While still in CT, I made an appointment with Sarah Rupert, a park ranger, to show me around and I met her at the nature center at 10 am. She printed out a photo of the diorama and said that the area looked like the northwestern beach area. Another ranger, John, was listening in and offered to take us up there. John knew more about plants than Sarah (she is a bird person), so it was decided he would give us a tour of the northwest beach.
When we got there we walked out over an old parking lot that the park was letting grow over. We continued south to an area that was close to what was painted in the diorama, but I told John that there was nowhere I could see that had all the elements, the dunes, the juniper, the canadian wild rye grass, the flowers, the hoptree. There was a lot of each in various places, but nothing struck me as the site. John was interested in trying to find the Canadian wild rye, so we looked and found it in the area quite close to the beach/high tide mark. I looked for it in other places, but the beach region was the only area it was found. This is too bad since all the grasses I had put in the midground of the diorama were C. wild rye. The grasses I did find in the mid-region were switchgrass and a common-looking grass with a conspicuous seedhead (I’ll have Patrick Sweeney ID it). I will be removing the grasses from the foreground and collecting the other grasses in CT to replace them.

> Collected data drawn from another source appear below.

Lemma edge_length_frame_edges A T : (0 < n)%N -> B^T *m B = A ->
  (forall k, bform A (u k) (u k) = T * w k ^+ 2) -> \sum_k w k ^+ 2 = 1 ->
  edge_length frame_edges = 2 ^+ n * Num.sqrt T.
Proof.
move=> n_gt0 BtBA Auu w_sum.
have edgeE k : enorm (frame_edges k) = 2 * Num.sqrt T * w k ^+ 2.
  rewrite enormZ (enorm_mulmx _ BtBA) Auu [T * _]mulrC sqrtrM ?sqr_ge0 // sqrtr_sqr.
  rewrite mulrA -normrM ger0_norm; first by ring.
  by rewrite -mulrA mulr_ge0 // -expr2 sqr_ge0.
rewrite /edge_length (eq_bigr _ (fun k _ => edgeE k)) -mulr_sumr w_sum mulr1.
by rewrite -[in RHS](prednK n_gt0) exprS; ring.
Qed.

End OrthonormalFrame.

Theorem corollary3p4 (R : realType) (n : nat) (A B : 'M[R]_n) (x0 : 'cV[R]_n) :
  (2 <= n)%N ->
  pos_def A ->
  pos_def B -> B *m B = A ->
  qform (invmx A) x0 = 1 ->
  [\/ n = 2%N,
      (exists c : R, A = c%:M) |
      (3 <= n)%N /\ invmx B *m x0 != 0 /\
        (exists lam : R, A *m (invmx B *m x0) = lam *: (invmx B *m x0))] ->
  exists v : 'I_n -> 'cV[R]_n,
    [/\ lin_indep v, inscribed A v, is_vertex v x0 &
        edge_length v = 2 ^+ n * Num.sqrt (\tr A)].
Proof.
move=> n_ge2 [symA posA] B_pd BBA x0_on_E _.
have symB : B^T = B := B_pd.1.
have B_unit : B \in unitmx := pos_def_unitmx B_pd.
have qform_B z : qform (invmx A) (B *m z) = dot z z := qform_invmx_sqrt z symB B_unit BBA.
set y := invmx B *m x0.
have x0E : x0 = B *m y by rewrite /y mulmxA mulmxV // mul1mx.
have y_unit : dot y y = 1 by rewrite -qform_B -x0E.
pose Q := \tr A *: (y *m y^T) - A.
have symQ : Q^T = Q by rewrite /Q linearB linearZ /= trmx_mul trmxK symA.
have trQ : \tr Q = 0 by rewrite /Q linearB linearZ /= mxtrace_rank1 y_unit mulr1 subrr.
have [u [uON uQ0]] := trace0_orthonormal_zero_diag symQ trQ.
pose w k := dot y (u k).
have Auu k : bform A (u k) (u k) = \tr A * w k ^+ 2.
  by apply/eqP; rewrite eq_sym -subr_eq0 -(uQ0 k) bform_mxB bform_mxZ bform_rank1.
have w_sum : \sum_k w k ^+ 2 = 1 by rewrite -y_unit (parseval y uON).
have w_neq0 k : w k != 0.
  have : 0 < bform A (u k) (u k) := posA _ (orthonormal_neq0 k uON).
  by rewrite Auu; apply: contraTneq => ->; rewrite expr0n mulr0 ltxx.
exists (frame_edges B u w); split.
- exact: lin_indep_frame_edges.
- exact: inscribed_frame_edges.
- rewrite x0E [y in B *m y](orthonormal_expansion y uON).
  exact: is_vertex_frame_edges.
- by apply: (edge_length_frame_edges (A := A)); rewrite ?symB // ltnW.
Qed.
(* Let $d\ge1$ and let $a(t)=\sum_{n\ge0}a_nt^n=\frac{h_0(a)+\cdots+h_\lambda(a)t^\lambda}{(1-t)^d}$ be a rational formal power series with integer coefficients, $h_\lambda(a)\ne0$. If $h_i(a)\ge0$ for $0\le i\le\lambda$, then for every $0\le i\le\lfloor d/2\rfloor$, $g_i(a)\le g_i(a^{\langle d\rangle})\le g_i(a^{\langle d+1\rangle})\le g_i(a^{\langle d+2\rangle})\le\cdots$.
   Context: One sets $h_i(a)=0$ for $i>\lambda$. For an integer $r\ge1$, the $r$-th Veronese series is $a^{\langle r\rangle}(t)=\sum_{n\ge0}a_{nr}t^n$; it can again be written as $\frac{h_0(a^{\langle r\rangle})+\cdots+h_{\lambda'}(a^{\langle r\rangle})t^{\lambda'}}{(1-t)^d}$ with the same $d$ and polynomial numerator, with $h_i(a^{\langle r\rangle})=0$ beyond its degree. For any such series $b(t)$ the $g$-vector entries are $g_0(b)=h_0(b)$ and $g_i(b)=h_i(b)-h_{i-1}(b)$ for $i\ge1$. *)

From HB Require Import structures.
From mathcomp Require Import all_boot all_order all_algebra.
Set Implicit Arguments. Unset Strict Implicit. Unset Printing Implicit Defensive.
Import Order.TTheory GRing.Theory Num.Theory.
Local Open Scope ring_scope.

My sense from this photo is that this is probably the site, but the photo was taken standing much closer to the beach than Wilson did back in 1964. In fact, about 40′ behind me there was a high vantage point that very well might have been the point at which Wilson made his studies. The large deciduous trees that show in the diorama to the right, now covered the entire area. Plant succession had made it virtually inaccessable. What was left of the juniper in this area was dead. There were tangles of low vegetation barring easy access and I wasn’t convinced that a photo taken from that point would reveal anything, so I didn’t choose to explore it. John showed us several other plants common to the area: Goat’s beard, sweet clover, rock sand wort, wormwood, and prickly pear. He told me that the hognose snake was long gone as was the Fowler’s toad that it fed on, victims of habitat destruction. Removing the hognose snake is yet another change I will make. He said that the 5 lined skink was a much more representative reptile. Insects were also discussed and these are his suggestions: Red Admiral and American Lady butterflies, the robber fly, and the ant lion whose inverted sandy cones were evident everywhere. In the original diorama there were a pair of bobwhite. I noticed on the Point Pelee bird list that bobwhite was listed as “extripated”. A discussion will ensue when I get back to Peabody about whether we go ahead and put the bobwhite, hognose snake, and fowler’s toad in the diorama and install signage about the human impact on this habitat. Otherwise, none of these should go in the foreground.
This visit did nothing short of impell me to change the entire foreground. Well, maybe not the entire foreground, but significant parts of it. Constructing/installing the foreground to a James Perry Wilson diorama charges me to strive for a high level of accuracy. So, I need to resculpt and cast new hairy pucoon flowers, experiment with the hot melt glue/parrifin mixture for new leaves, remake the stems of both flowers, and change out the grasses. I think Wilson would not only approve, he would insist on it!